▸ Try it:
Both the line with "Lemma absC_sqrE z" and the line with "with 2^|I| <= lam" in the records below must appear in the output, along with every line between them, exactly and with nothing added.

▸ Data extracted from a collection:
= = = =
Lemma is_glb_shift E a tau : is_glb E a -> is_glb (fun r => E (r - tau)) (a + tau).
Proof.
  intros [H1 H2]. split.
  - intros s Hs. specialize (H1 _ Hs). lra.
  - intros b Hb. assert (b - tau <= a); [| lra]. apply H2. intros s Hs.
    assert (E (s + tau - tau)) by (replace (s + tau - tau) with s by ring; auto).
    specialize (Hb _ H). lra.
Qed.

Lemma is_glb_ext E F a : (forall r, E r <-> F r) -> is_glb E a -> is_glb F a.
Proof.
  intros H [H1 H2]. split.
  - intros s Hs. apply H1, H, Hs.
  - intros b Hb. apply H2. intros s Hs. apply Hb, H, Hs.
Qed.

Lemma is_lub_ext E F a : (forall r, E r <-> F r) -> is_lub E a -> is_lub F a.
Proof.
  intros H [H1 H2]. split.
  - intros s Hs. apply H1, H, Hs.
  - intros b Hb. apply H2. intros s Hs. apply Hb, H, Hs.
Qed.

Lemma lub_nonempty E m : is_lub E m -> exists r, E r.
Proof.
  intros [H1 H2]. apply NNPP. intros Hn.
  assert (m <= m - 1); [| lra]. apply H2. intros r Hr. exfalso; apply Hn; exists r; auto.
Qed.

Lemma D2reg_diag D2 tau i x :
  (fun k l => D2reg D2 tau i i k i l x)
  = (fun k l => D2 i i k i l x + (if Nat.eqb l k then tau else 0)).
Proof.
  apply functional_extensionality; intro k; apply functional_extensionality; intro l.
  unfold D2reg. rewrite Nat.eqb_refl. reflexivity.
Qed.

Lemma D2reg_offdiag D2 tau i j x : i <> j ->
  (fun k l => D2reg D2 tau i i k j l x) = (fun k l => D2 i i k j l x).
Proof.
  intros Hij.
  apply functional_extensionality; intro k; apply functional_extensionality; intro l.
  unfold D2reg. rewrite Nat.eqb_refl.
  replace (Nat.eqb j i) with false by (symmetry; apply Nat.eqb_neq; auto). simpl. ring.
Qed.

Lemma reg_alpha I d Q f tau y i a : alpha_min I d Q f i a ->
  alpha_min I d Q (reg_game d f tau y) i (a + tau).
Proof.
  intros [U [D [D2 [HH Hglb]]]]. exists U, (Dreg D tau y), (D2reg D2 tau).
  split; [apply reg_hess; auto |].
  apply (is_glb_ext (fun r => exists x, inQ I Q x /\
           lambda_least (d i) (fun k l => D2 i i k i l x) (r - tau))).
  - intros r. split; intros [x [Hx Hl]]; exists x; split; auto.
    + rewrite D2reg_diag. apply lambda_least_shift, Hl.
    + rewrite D2reg_diag in Hl. apply lambda_least_shift, Hl.
  - exact (is_glb_shift _ _ tau Hglb).
Qed.

Lemma reg_beta I d Q f tau y i j b : i <> j -> beta_max I d Q f i j b ->
  beta_max I d Q (reg_game d f tau y) i j b.
Proof.
  intros Hij [U [D [D2 [HH Hlub]]]]. exists U, (Dreg D tau y), (D2reg D2 tau).
  split; [apply reg_hess; auto |].
  eapply is_lub_ext; [| exact Hlub]. intros r.
  split; intros [x [Hx Hn]]; exists x; split; auto.
  - rewrite D2reg_offdiag by exact Hij. exact Hn.
  - rewrite D2reg_offdiag in Hn by exact Hij. exact Hn.
Qed.

Lemma beta_nonneg I d Q f i j b : beta_max I d Q f i j b -> 0 <= b.
Proof.
  intros [U [D [D2 [_ Hlub]]]].
  destruct (lub_nonempty _ _ Hlub) as [r [x [Hx Hn]]].
  destruct (lub_nonempty _ _ Hn) as [s [v [Hv Es]]].
  assert (0 <= s) by (rewrite Es; unfold vnorm; apply sqrt_pos).
  assert (s <= r) by (apply (proj1 Hn); exists v; auto).
  assert (r <= b) by (apply (proj1 Hlub); exists x; auto).
  lra.
Qed.

From HB Require structures.
From mathcomp Require all_boot all_order all_algebra.
From mathcomp Require Rstruct.
From mathcomp Require ring lra.
(* Let $A,A'\in\mathbb{C}^{n\times n}$ with $\|A\|_F=\|A'\|_F=1$, let $v,v'\in\mathbb{C}^n$ be nonzero, and let $\lambda,\lambda'\in\mathbb{C}$ with $Av=\lambda v$. Suppose $\mu(A,\lambda,v)\big(\|A'-A\|_F+|\lambda'-\lambda|+d_{\mathbb{P}}(v',v)\big)\le\frac{\varepsilon}{7.2}$ for some $0<\varepsilon\le0.37$. Then $\frac1{1+\varepsilon}\mu(A,\lambda,v)\le\mu(A',\lambda',v')\le(1+\varepsilon)\mu(A,\lambda,v)$.
   Context: $\|\cdot\|_F$ is the Frobenius norm. $d_{\mathbb{P}}(v,v')=\arccos(|\langle v,v'\rangle|/(\|v\|\|v'\|))$. For $v\ne0$, $T_v=v^\perp$, $P_{v^\perp}$ the orthogonal projection onto $T_v$, $A_{\lambda,v}=P_{v^\perp}(A-\lambda\mathrm{Id})|_{T_v}$, and $\mu(A,\lambda,v)=\|A\|_F\|A_{\lambda,v}^{-1}\|$ (operator norm; $\infty$ if not invertible). *)

From mathcomp Require Import all_boot all_order all_algebra.
From mathcomp Require Import all_classical all_reals all_analysis.
From mathcomp Require Import complex.
Set Implicit Arguments. Unset Strict Implicit. Unset Printing Implicit Defensive.
Import Order.TTheory GRing.Theory Num.Theory.
Local Open Scope ring_scope.

Section Defs.
Variable R : realType.
Variable n : nat.
Local Notation C := (R[i]).

Definition absC (z : C) : R := Normc.normc z.

Definition inner (v w : 'cV[C]_n) : C := \sum_i (conjc (v i 0)) * w i 0.

Definition vnorm (v : 'cV[C]_n) : R := Num.sqrt (\sum_i absC (v i 0) ^+ 2).

Definition frob (A : 'M[C]_n) : R := Num.sqrt (\sum_i \sum_j absC (A i j) ^+ 2).

Definition dP (v v' : 'cV[C]_n) : R := acos (absC (inner v v') / (vnorm v * vnorm v')).

Definition inT (v w : 'cV[C]_n) : Prop := inner v w = 0.

Definition projperp (v w : 'cV[C]_n) : 'cV[C]_n := w - (inner v w / inner v v) *: v.

Definition Alv (A : 'M[C]_n) (lam : C) (v w : 'cV[C]_n) : 'cV[C]_n :=
  projperp v ((A - lam%:M) *m w).

Definition Alv_invertible (A : 'M[C]_n) (lam : C) (v : 'cV[C]_n) : Prop :=
  (forall w, inT v w -> Alv A lam v w = 0 -> w = 0) /\
  (forall y, inT v y -> exists2 w, inT v w & Alv A lam v w = y).

(* operator norm of the inverse of A_{lambda,v}:
   sup { |A_{lambda,v}^{-1} y| : y in T_v, |y| <= 1 }, where the inverse image of y
   is the (unique, when invertible) w in T_v with A_{lambda,v} w = y *)
Definition Alv_inv_opnorm (A : 'M[C]_n) (lam : C) (v : 'cV[C]_n) : \bar R :=
  ereal_sup [set (vnorm w)%:E | w in
     [set w | inT v w /\ exists y, [/\ inT v y, vnorm y <= 1 & Alv A lam v w = y]]].

Definition mu (A : 'M[C]_n) (lam : C) (v : 'cV[C]_n) : \bar R :=
  if `[< Alv_invertible A lam v >] then ((frob A)%:E * Alv_inv_opnorm A lam v)%E
  else +oo%E.

End Defs.

From mathcomp Require Import all_boot all_order all_algebra.
From mathcomp Require Import all_classical all_reals all_analysis.
From mathcomp Require Import complex.
From mathcomp Require Import ring lra.
Import Order.TTheory GRing.Theory Num.Theory numFieldNormedType.Exports.
Set Implicit Arguments. Unset Strict Implicit. Unset Printing Implicit Defensive.
Local Open Scope ring_scope.

(* For [w] orthogonal to [v'], projecting onto [v^perp] shrinks [w] at most by the
   factor [1 - sin^2 theta], theta the angle between [v] and [v'] (and
   [sin theta <= d_P(v', v)]), while [A_{lam,v}] applied to the projection differs
   from [A'_{lam',v'} w] by at most [d |w|], with [d] of the order of
   [|A' - A|_F + |lam' - lam| + sin theta].  With [M := |A_{lam,v}^-1|] this gives
   [|w| <= M / (1 - sin^2 theta - M d) |A'_{lam',v'} w|], so [A'_{lam',v'}] is
   invertible and [mu(A',lam',v') <= (1 + eps) mu(A,lam,v)].  Exchanging the roles,
   now with the bound on [mu(A',lam',v')] just obtained, gives the other inequality.
   Since [|A|_F = 1] forces [mu(A,lam,v) >= 1/2] (when [v^perp <> 0]), the
   hypothesis makes every perturbation term small enough for the numerical
   constants. *)

(** * Complex modulus and the Cauchy-Schwarz inequality *)

Section ComplexModulus.
Variable R : realType.
Implicit Types z : R[i].

Lemma absC_ge0 z : 0 <= absC z.
Proof. by case: z => a b; rewrite /absC /= sqrtr_ge0. Qed.

Lemma absC_normr z : ((absC z)%:C)%C = `|z|.
Proof. by rewrite normc_def; case: z. Qed.

Lemma absC_sqrE z : (((absC z) ^+ 2)%:C)%C = z * conjc z.
Proof. by rewrite rmorphXn /= absC_normr sqr_normc. Qed.
(* A representative of the cardinal nu^{<mu}: the set of pairs (A, f) with
   A a subset of mu of cardinality < |mu| and f : A -> nu, i.e. the union
   over "lengths" A below mu of the function spaces nu^A. *)
Definition pow_lt (nu mu : Type) : Type :=
  { A : { A : set mu | card_lt A [set: mu] } & (sig (proj1_sig A) -> nu) }.

Definition regular_card (T : Type) (K : set T) :=
  forall (I : Type) (F : I -> set T),
    card_lt [set: I] K ->
    (forall i, F i `<=` K) ->
    (forall i, card_lt (F i) K) ->
    \bigcup_i F i <> K.

(* Given an open cover C of X1 * X2 with |C| <= nu, it suffices to find an index type I
   with 2^|I| <= lam and subfamilies delta i of C such that fewer than mu finite
   subfamilies of C always lie in a common delta i: then some delta i covers.  Otherwise
   pick (x i, y i) outside each delta i; [mu,nu]-compactness of X1 yields a point xs
   near which, for every finite F, some x i with F `<=` delta i lies, and initial
   lam-compactness of X2 yields a cluster point ys of the corresponding directed family
   of sets of y i's; a member of C around (xs, ys) then contains some (x i, y i) it
   should avoid.  For 2^(nu^{<mu}) <= lam take I = nu^{<mu}, delta (A, f) being the
   members of C coded by the range of f.  For regular cardinals and 2^nu <= lam take for
   I an initial segment of a minimal subcover, of its own order type: regularity
   provides the common bounds, and the resulting smaller subcover contradicts
   minimality unless that subcover has fewer than mu members. *)

From HB Require Import structures.
From mathcomp Require Import all_boot all_order.
From mathcomp Require Import all_classical.
From mathcomp Require Import topology.
From mathcomp Require Import wochoice.
Set Implicit Arguments. Unset Strict Implicit. Unset Printing Implicit Defensive.
Local Open Scope classical_set_scope.
Local Open Scope card_scope.

(** * Cardinal arithmetic *)

Lemma card_le_of_inj T U (A : set T) (B : set U) (f : T -> U) :
  (forall x, A x -> B (f x)) -> {in A &, injective f} -> A #<= B.
Proof.
move=> fAB finj; apply/card_subP; exists (f @` A); first exact: inj_card_eq.
by move=> _ [x Ax <-]; apply: fAB.
Qed.

Lemma inj_of_card_le T U (A : set T) (B : set U) (u0 : U) : A #<= B ->
  exists f : T -> U, (forall x, A x -> B (f x)) /\ {in A &, injective f}.
Proof.
move=> /card_leP[f].
exists (fun x => if pselect (A x) is left h then val (f (SigSub (mem_set h))) else u0).
split=> [x Ax|x y /set_mem Ax /set_mem Ay]; case: pselect => // hx.
  exact: set_valP.
case: pselect => // hy /val_inj/(@inj _ _ _ f).
by rewrite !in_setE => /(_ I I) [].
Qed.

Lemma card_le_nonempty T U (A : set T) (B : set U) :
  A #<= B -> A !=set0 -> B !=set0.
Proof.
move=> AB [a Aa]; apply/set0P/eqP => B0; move: AB; rewrite B0 => /card_le0P A0.
by rewrite A0 in Aa.
Qed.

Lemma inj_of_card_le_nonempty T U (A : set T) (B : set U) : A #<= B -> A !=set0 ->
  exists f : T -> U, (forall x, A x -> B (f x)) /\ {in A &, injective f}.
Proof. by move=> AB /(card_le_nonempty AB) [u0 _]; exact: inj_of_card_le u0 AB. Qed.

Lemma card_le_lt_trans T U V (A : set T) (B : set U) (C : set V) :
  A #<= B -> card_lt B C -> card_lt A C.
Proof.
move=> AB [BC nCB]; split; first exact: card_le_trans AB BC.
by move=> CA; apply: nCB; exact: card_le_trans CA AB.
Qed.

Lemma card_lt_eqr T U V (A : set T) (B : set U) (B' : set V) :
  card_lt A B -> B #= B' -> card_lt A B'.
Proof.
move=> [AB nBA] /card_eqPle[BB' B'B]; split; first exact: card_le_trans AB BB'.
by move=> B'A; apply: nBA; exact: card_le_trans BB' B'A.
Qed.

Lemma card_lt_le_trans T U V (A : set T) (B : set U) (C : set V) :
  card_lt A B -> B #<= C -> card_lt A C.
Proof.
move=> [AB nBA] BC; split; first exact: card_le_trans AB BC.
by move=> CA; apply: nBA; exact: card_le_trans BC CA.
Qed.

Lemma card_lt_finite T U (A : set T) (B : set U) :
  finite_set A -> infinite_set B -> card_lt A B.
Proof.
move=> Afin Binf; split; last by move=> /card_le_finite /(_ Afin).
have /finite_set_leP[n An] := Afin.
apply: card_le_trans An _; apply: card_le_trans (card_leT _) _.
exact/infiniteP.
Qed.

Section CardMin.
Variables (T : Type) (AA : set (set T)).

Definition separating_choices (Z : set (set T -> T)) :=
  (forall phi, Z phi -> forall B, AA B -> B (phi B)) /\
  (forall B, AA B -> forall phi psi, Z phi -> Z psi -> phi B = psi B -> phi = psi).
Lemma primitive_H4 h v : h = one F \/ h = gg F ->
  cop v = tens h v + tens v h -> v = 0.
Proof.
case=> -> hv; apply: row4_eq; rewrite !mxE;
  [ entry_of hv i1 i1 | entry_of hv ig ig | entry_of hv ig inu | entry_of hv ignu ig
  | entry_of hv i1 i1 | entry_of hv ig ig | entry_of hv inu i1 | entry_of hv i1 ignu ].
Qed.

Lemma skew_primitive_g1 v : cop v = tens (gg F) v + tens v (one F) ->
  v 0 ig = - v 0 i1 /\ v 0 ignu = 0.
Proof. by move=> hv; split; [entry_of hv ig i1 | entry_of hv i1 ignu]. Qed.

Lemma skew_primitive_1g v : cop v = tens (one F) v + tens v (gg F) ->
  v 0 ig = - v 0 i1 /\ v 0 inu = 0.
Proof. by move=> hv; split; [entry_of hv i1 ig | entry_of hv inu i1]. Qed.

End PrimitiveElements.

Section Classification.
Variable F : fieldType.
Hypothesis two_neq0 : (2 : F) != 0.
Variable R : 'I_4 -> 'I_4 -> 'rV[F]_4.
Hypothesis hR : is_rwpH R.
Local Notation e := (e F).
Local Notation one := (one F).
Local Notation gg := (gg F).
Local Notation nu := (nu F).
Local Notation gnu := (gnu F).

Lemma cop_R i j : cop (R i j) = swe (copb F i) (fun x1 x2 => swe (copb F j)
  (fun y1 y2 => tens (rhd R x1 y1) (rhd R x2 y2))).
Proof. by case: hR => hC _; rewrite -(rhd_e R i j) hC !cop_e. Qed.

Lemma eps_R i j : eps (R i j) = eps (e i) * eps (e j).
Proof. by case: hR => _ [hE _]; rewrite -(rhd_e R i j) hE. Qed.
= = = =
▸ Reply:
Lemma absC_sqrE z : (((absC z) ^+ 2)%:C)%C = z * conjc z.
Proof. by rewrite rmorphXn /= absC_normr sqr_normc. Qed.
(* A representative of the cardinal nu^{<mu}: the set of pairs (A, f) with
   A a subset of mu of cardinality < |mu| and f : A -> nu, i.e. the union
   over "lengths" A below mu of the function spaces nu^A. *)
Definition pow_lt (nu mu : Type) : Type :=
  { A : { A : set mu | card_lt A [set: mu] } & (sig (proj1_sig A) -> nu) }.

Definition regular_card (T : Type) (K : set T) :=
  forall (I : Type) (F : I -> set T),
    card_lt [set: I] K ->
    (forall i, F i `<=` K) ->
    (forall i, card_lt (F i) K) ->
    \bigcup_i F i <> K.

(* Given an open cover C of X1 * X2 with |C| <= nu, it suffices to find an index type I
   with 2^|I| <= lam and subfamilies delta i of C such that fewer than mu finite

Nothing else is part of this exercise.